The import of goods into the Gaza Strip is restricted because of the blockade of the Gaza Strip by Israel and Egypt. Israel allows limited humanitarian supplies from aid organizations, including UN agencies, into the Gaza Strip. As of May 2010, they have brought in, according to the Coordinator of Government Activities in the Territories of the Israel Defense Forces, 1.5 million liters of diesel fuel and gasoline, fruits and vegetables, wheat, sugar, meat, chicken and fish products, dairy products, animal feed, hygiene products, clothing and shoes.

Cement, wood, iron, cattle, animal medicine, musical instruments, and notebooks were among the items banned before June 2010.

Background
After Hamas won the 2006 election for the Palestinian Legislative Council, Israel and Egypt tightened the closure of Gaza's borders. Israel says the reason for the restrictions on import of goods into the Gaza Strip is to pressure Hamas, which does not recognise Israel and backs attacks on its citizens. Construction materials including metal pipes, steel and cement are banned, because they can be used for building rockets and in constructing underground bunkers and tunnels.

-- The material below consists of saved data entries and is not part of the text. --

(* For any $\alpha<1/2$ there exist constants $0<c\le C<\infty$ such that for all $n\ge1$, \[c\,n^{-1/2}\le \mathbb{P}\big(Z_i\ge i^\alpha\ \forall i=1,\ldots,n\big)\le C\,n^{-1/2}.\]
   Context: $X_1,X_2,\ldots$ are i.i.d. with $\mathbb{P}(X_i=1)=\mathbb{P}(X_i=-1)=1/2$ and $Z_i=\sum_{k=1}^i\prod_{j=1}^kX_j$. *)

From HB Require Import structures.
From mathcomp Require Import all_boot all_order all_algebra.
From mathcomp Require Import all_classical all_reals all_analysis.
Set Implicit Arguments. Unset Strict Implicit. Unset Printing Implicit Defensive.
Import Order.TTheory GRing.Theory Num.Theory.
Local Open Scope ring_scope.

(* A realisation of the first n signs: x is an n-tuple of booleans,
   X_k = 1 if the (k-1)-th entry is true, -1 otherwise (k = 1..n). *)
Definition Xsign (R : realType) (n : nat) (x : n.-tuple bool) (k : nat) : R :=
  if nth false x k.-1 then 1 else -1.

Definition Zsum (R : realType) (n : nat) (x : n.-tuple bool) (i : nat) : R :=
  \sum_(1 <= k < i.+1) \prod_(1 <= j < k.+1) Xsign R x j.

Definition good_event (R : realType) (alpha : R) (n : nat) (x : n.-tuple bool) : bool :=
  [forall i : 'I_n, ((i.+1)%:R `^ alpha <= Zsum R x i.+1)].
Lemma orbitV_eq {h : HV} {t} : proj1_sig h t -> h = orbit_of t.
Proof.
  destruct h as [P [t0 HP]]; simpl; intro Pt.
  assert (EP : P = same_orbit C G pV pD psi t).
  { apply functional_extensionality; intro s; apply propositional_extensionality.
    rewrite HP. apply HP in Pt. split; intro Hs.
    - exact (same_orbit_trans (same_orbit_sym Pt) Hs).
    - exact (same_orbit_trans Pt Hs). }
  subst P. unfold orbit_of. f_equal. apply proof_irrelevance.
Qed.

Lemma partV_orbit_of t v : Vt t v -> partV Vt (orbit_of t) (pV v).
Proof. intro Vv. exists t; split; [apply same_orbit_refl | eauto]. Qed.

Lemma orbit_adj_orbit_of s s' : adj s s' -> orbit_adj adj (orbit_of s) (orbit_of s').
Proof. intro Hss. exists s, s'. split; [exact Hss | split; apply same_orbit_refl]. Qed.

Lemma partD_subgraph :
  ghom C G pV pD ->
  forall (h : HV) e, partD Vt h e -> partV Vt h (gtl G e) /\ partD Vt h (grev G e).
Proof.
  intros [hom_tl hom_rev] h e [t [Ht [d [V1 [V2 <-]]]]]. split.
  - exists t; split; [exact Ht|]. exists (gtl C d); auto.
  - exists t; split; [exact Ht|]. exists (grev C d). rewrite grev_inv. auto.
Qed.

Lemma partV_cover :
  covering C G pV pD -> tree_decomposition C adj Vt ->
  forall w, exists h : HV, partV Vt h w.
Proof.
  intros [_ [_ [surj _]]] [_ [_ [vcov _]]] w.
  destruct (surj w) as [v <-]. destruct (vcov v) as [t Vv].
  exists (orbit_of t). now apply partV_orbit_of.
Qed.

Lemma partD_cover :
  covering C G pV pD -> tree_decomposition C adj Vt ->
  forall e, exists h : HV, partD Vt h e.
Proof.
  intros [_ [_ [surj lift]]] [_ [_ [_ [dcov _]]]] e.
  destruct (surj (gtl G e)) as [v Hv].
  destruct (lift v e (eq_sym Hv)) as [d [[dv de] _]].
  destruct (dcov d) as [t [V1 V2]].
  exists (orbit_of t), t. split; [apply same_orbit_refl | eauto].
Qed.

Lemma partV_connected :
  normal_covering C G pV pD -> tree_decomposition C adj Vt ->
  forall w (h1 h2 : HV), partV Vt h1 w -> partV Vt h2 w ->
  reach (fun a b => orbit_adj adj a b /\ partV Vt a w /\ partV Vt b w) h1 h2.
Proof.
  intros [_ normal] [_ [_ [_ [_ bagconn]]]]
    w h1 h2 [t1 [H1 [v1 [V1 E1]]]] [t2 [H2 [v2 [V2 <-]]]].
  destruct (normal v1 v2 E1) as [f [g [Dfg fv]]].
  assert (V1' : Vt (psi f g t1) v2) by (apply (proj1 Hcw f g Dfg); eauto).
  assert (Eo : orbit_of t1 = orbit_of (psi f g t1))
    by (apply orbitV_eq; exists f, g; auto).
  rewrite (orbitV_eq H1), (orbitV_eq H2), Eo.
  refine (reach_map orbit_of _ _ _ (bagconn v2 _ t2 V1' V2)).
  intros a b [Hab [Va Vb]].
  split; [now apply orbit_adj_orbit_of|].
  split; now apply partV_orbit_of.
Qed.

Lemma orbit_adj_parts_meet :
  (forall s s', adj s s' -> exists v, Vt s v /\ Vt s' v) ->
  forall h h' : HV, orbit_adj adj h h' -> exists w, partV Vt h w /\ partV Vt h' w.
Proof.
  intros adhesion h h' [s [s' [Hss [Hs Hs']]]].
  destruct (adhesion s s' Hss) as [v [Vs Vs']].
  exists (pV v). split; [exists s | exists s']; eauto.
Qed.

End Orbits.

Theorem lemma3p9 (C G : graph) (pV : gV C -> gV G) (pD : gD C -> gD G)
  (N : Type) (adj : N -> N -> Prop) (Vt : N -> gV C -> Prop)
  (psi : (gV C -> gV C) -> (gD C -> gD C) -> N -> N) :
  connected_graph G ->
  normal_covering C G pV pD ->
  tree_decomposition C adj Vt ->
  regular_td C adj Vt ->
  canonical_witness C G pV pD adj Vt psi ->
  honest G (@orbit_adj C G pV pD N adj psi)
    (@partV C G pV pD N psi Vt) (@partD C G pV pD N psi Vt).
Proof.
  (* connectedness of G is implied by that of C *)
  intros _ Hnc Htd reg Hcw.
  pose proof (proj1 Hnc) as Hcov.
  split; [split; [|split; [|split]]|].
  - exact (partD_subgraph (proj1 (proj2 Hcov))).
  - exact (partV_cover Hcw Hcov Htd).
  - exact (partD_cover Hcw Hcov Htd).
  - exact (partV_connected Hcw Hnc Htd).
  - exact (orbit_adj_parts_meet (adjacent_bags_meet Htd (proj1 Hcov) reg)).
Qed.
(* Let $\theta\in[0,1]$, and define the stability function and its inverse by $$\mathcal{R}_{\theta}(z)=\frac{1+(1-\theta)z}{1-\theta z},\qquad \mathcal{R}_{\theta}^{-1}(w)=\frac{1-w}{\theta(1-w)-1}.$$ Let $\sigma:\mathbb{R}\to\mathbb{R}$ be a differentiable activation function with $|\sigma|:=\sup_{t}|\sigma'(t)|\in(0,\infty)$. For weight matrices $\gamma_1,\dots,\gamma_n$ (nonzero, of compatible sizes, with $\gamma_1$ having $d$ columns and $\gamma_n$ having $d$ rows) and bias vectors $b_1,\dots,b_n$, set $\tilde{\gamma}_i=\gamma_i/(|\sigma|\,\|\gamma_i\|)$ where $\|\cdot\|$ is the spectral norm, and define the spectrally normalized network $\tilde F(\gamma,x)=\phi_n\circ\cdots\circ\phi_1(x)$ on $\mathbb{R}^d$, where $\phi_i(x)=\sigma(\tilde{\gamma}_i x+b_i)$ with $\sigma$ applied elementwise. Let $S(t)=1/(1+e^{-t})$ be the sigmoid function, let $\gamma_c,\gamma_L\in\mathbb{R}$ be arbitrary scalar parameters, and set $$c:=\mathcal{R}_{\theta}^{-1}\big(1-S(\gamma_c)\big),\qquad r:=\max\Big(0,\ \mathcal{R}_{\theta}^{-1}\big(1-S(\gamma_L)\big)-c\Big),$$ $$F(\gamma,x):=c\,x+r\,\tilde F(\gamma,x).$$ Then the residual layer $y=x+F(\gamma,(1-\theta)x+\theta y)$ is dissipative, i.e., for every $x\in\mathbb{R}^d$, every eigenvalue $\lambda$ of the Jacobian $D_xF(\gamma,x)$ satisfies $|\mathcal{R}_{\theta}(\lambda)|<1$.
   Context: An implicit residual layer with vector field $F(\gamma,\cdot):\mathbb{R}^d\to\mathbb{R}^d$ and parameter $\theta$ maps $x$ to $y$ defined by $y=x+F(\gamma,(1-\theta)x+\theta y)$. Its stability function is $\mathcal{R}_{\theta}(z)=\frac{1+(1-\theta)z}{1-\theta z}$ for $z\in\mathbb{C}$, and its stability region is the set $\{z\in\mathbb{C}:|\mathcal{R}_{\theta}(z)|<1\}$. The layer is called dissipative if, at every point $x$, all eigenvalues of the Jacobian $D_xF(\gamma,x)$ lie in the stability region. *)

From HB Require Import structures.
From mathcomp Require Import all_boot all_order all_algebra.
From mathcomp Require Import all_classical all_reals all_analysis.
From mathcomp Require Import complex.
Set Implicit Arguments. Unset Strict Implicit. Unset Printing Implicit Defensive.
Import Order.TTheory GRing.Theory Num.Theory.
Import numFieldNormedType.Exports.
Local Open Scope classical_set_scope.
Local Open Scope ring_scope.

In September 2007, after an intensification of Qassam rocket attacks, Israel declared Gaza "hostile territory," and Israel stopped the supply of electricity, fuel, and other supplies into Gaza. The objective of the blockade was to pressure Hamas into stopping the rocket attacks and to deprive them of the supplies necessary for the continuation of rocket attacks. It argued that following the takeover of Gaza by Hamas and the intensification of Qassam rocket attacks, it is not legally responsible for Gaza and not obliged to help a hostile territory beyond whatever is necessary to avoid a humanitarian crisis. Egypt also closed the Rafah Border Crossing in June 2007, maintaining that it cannot fully open the Rafah crossing since completely opening the border would represent Egyptian recognition of the Hamas control of Gaza, undermine the legitimacy of the Palestinian National Authority and consecrate the split between Gaza and the West Bank.

Imports through Egypt
The Rafah Border Crossing is the sole crossing point between Egypt and the Gaza Strip. It has been closed for the transfer of commercial goods since 2007, and Egypt maintained that it would only open the crossing if forces from the Palestinian Authority presidential guard and a European supervisory force returned to guard the border crossing. 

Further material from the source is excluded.